Figure 8

Schematic comparison of the three different basal body structures of eubacterial flagella with the putative ancestral junctional pore complex and the related type III secretion injector. The exoflagella of Proteobacteria and Planctobacteria (Exoflagellata), Sphingobacteria, and Eurybacteria project through the outer membrane, with which they are associated by a lipoprotein L-ring (made of FlgH protein units). Spirochaetes have endoflagella within the periplasmic space that do not penetrate the outer membrane and thus need no L-ring. Exoflagella and spirochaete endoflagella both have a P-ring (made of FlgI protein units) thought to act as a bushing for free rotation within the thin peptidoglycan wall (sacculus).
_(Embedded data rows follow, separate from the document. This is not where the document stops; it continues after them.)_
Lemma sum_sgn_contractible : \sum_a sgn (dg a) = 0.
Proof.
pose B := (\sum_a absz (dg a))%N.
have dgB a : (absz (dg a) <= B)%N by rewrite /B (bigD1 a) //= leq_addr.
pose lo : int := - B%:Z - 1; pose M := (2 * B + 3)%N.
rewrite (@sum_sgn_window _ _ lo M); last by move=> a; have := dgB a; lia.
pose R j := (r (lo + j%:Z - 1))%:Z.
under eq_bigr => i _.
  rewrite -rank_grade_proj rank_grade_proj_contractible natrD !natz.
  have -> : (r (lo + i%:Z))%:Z = R i.+1 by rewrite /R; congr (Posz (r _)); lia.
  over.
rewrite (telescope (w := fun i => sgn (lo + i%:Z))); last by move=> i; rewrite -sgnS; congr sgn; lia.
have r0 k : (forall a, dg a != k) -> r k = 0%N.
  by move/grade_proj0; rewrite /r => ->; rewrite mul0mx mxrank0.
rewrite /R !r0 ?mulr0 ?subrr // => a; apply/eqP; have := dgB a; rewrite /lo /M; lia.
Qed.

End GradedMatrices.

Definition chi n (X : dgmod n) : int := \sum_(a < dim X) sgn (deg X a).

Section EulerCharacteristic.

Variable n : nat.
Implicit Types X Y : dgmod n.

Lemma chi_cone X Y (F : 'M_(dim X, dim Y)) : chi (cone F) = chi Y - chi X.
Proof.
rewrite /chi /= big_split_ord /= addrC -sumrN; congr (_ + _); apply: eq_bigr => a _.
  by rewrite (unsplitK (inr _ a)).
by rewrite (unsplitK (inl _ a)) sgnD sgnN /sgn expr1z mulrN1.
Qed.

Lemma chi_shift k X : chi (shift k X) = sgn k * chi X.
Proof. by rewrite /chi mulr_sumr; apply: eq_bigr => a _; rewrite /= sgnD sgnN mulrC. Qed.

Lemma chi_contractible X : is_dgmod X -> contractible X -> chi X = 0.
Proof. by move=> [d1 [_ [dd _]]] [H [[H1 _] dH]]; apply: sum_sgn_contractible d1 H1 dd (esym dH). Qed.

Lemma chi_homotopy_equiv X Y :
  is_dgmod X -> is_dgmod Y -> homotopy_equiv X Y -> chi X = chi Y.
Proof.
move=> X_dg Y_dg [F [G [cF cG hFG hGF]]].
have := chi_contractible (is_dgmod_cone X_dg Y_dg cF)
  (cone_homotopy_equiv_contractible cF cG hFG hGF).
by rewrite chi_cone => /eqP; rewrite subr_eq0 => /eqP.
Qed.

End EulerCharacteristic.

Lemma NCbar_contractible n (X : dgmod n) : (2 <= n)%N -> inNCbar X -> contractible X.
Proof.
move=> n2; elim=> {X} [M [M_dg [g [gM univM]]]|X Y F _ cX _ cY cF|X Y _ cX _|X k _ cX].
- exact: free_NC_contractible univM n2.
- exact: contractible_cone.
- exact: contractible_dg_iso.
- exact: contractible_shift.
Qed.

(* For n <= 1 there are no generators tau_i, and NC_n is F_2 in degree 0. *)
Definition F2_dgmod n : dgmod n := @DGMod n 1 (fun _ => 0) 0 (fun _ => 0).

Section SmallRank.

Variable n : nat.
Hypothesis n_le1 : (n <= 1)%N.

Lemma no_tau (i : 'I_n.-1) : False.
Proof. by case: i => i /=; lia. Qed.

Lemma is_dgmod_F2 : is_dgmod (F2_dgmod n).
Proof.
by rewrite /is_dgmod /= mulmx0; repeat split; try exact: homog0; move=> i; case: (no_tau i).
Qed.

Lemma closed_hom_from_F2 (N : dgmod n) y : deg0_cycle N y -> closed_hom (F2_dgmod n) N y.
Proof.
move=> yN; have [_ yd] := yN; split; last by rewrite /= mul0mx yd.
by split=> [|i]; [apply: deg0_cycle_homog | case: (no_tau i)].
Qed.

Lemma is_free_NC_F2 : is_free_NC (F2_dgmod n).
Proof.
split; first exact: is_dgmod_F2.
exists 1%:M; split; first by split=> [a|]; [rewrite ord1 | rewrite /= mulmx0].
move=> N _ y yN; exists y; split; first by rewrite mul1mx; split=> //; apply: closed_hom_from_F2.
by move=> F [_ <-]; rewrite mul1mx.
Qed.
Both P-ring and L-ring are absent from the exoflagella of Posibacteria (Actinobacteria and Endobacteria). Posibacterial flagella would automatically have become external when the ancestral outer membrane was lost. The more complex multiprotein shaft of spirochaetes, clearly a derived character (see text) is shown by its greater thickness. If junctional pore complexes also use a basal type III secretion apparatus, flagella and type III injectors probably evolved from them independently. If junctional pore complexes lack type III secretion homologues, it is likely that they evolved during the origin of flagella only and that type III injectors evolved later in the ancestral exoflagellate by simplification of flagella (dashed arrow); see text for discussion. The diagram assumes that ExbB/TonB/OmpA only associated with the basal body of the flagella and evolved into the flagellar stator MotAB during the origin of flagella.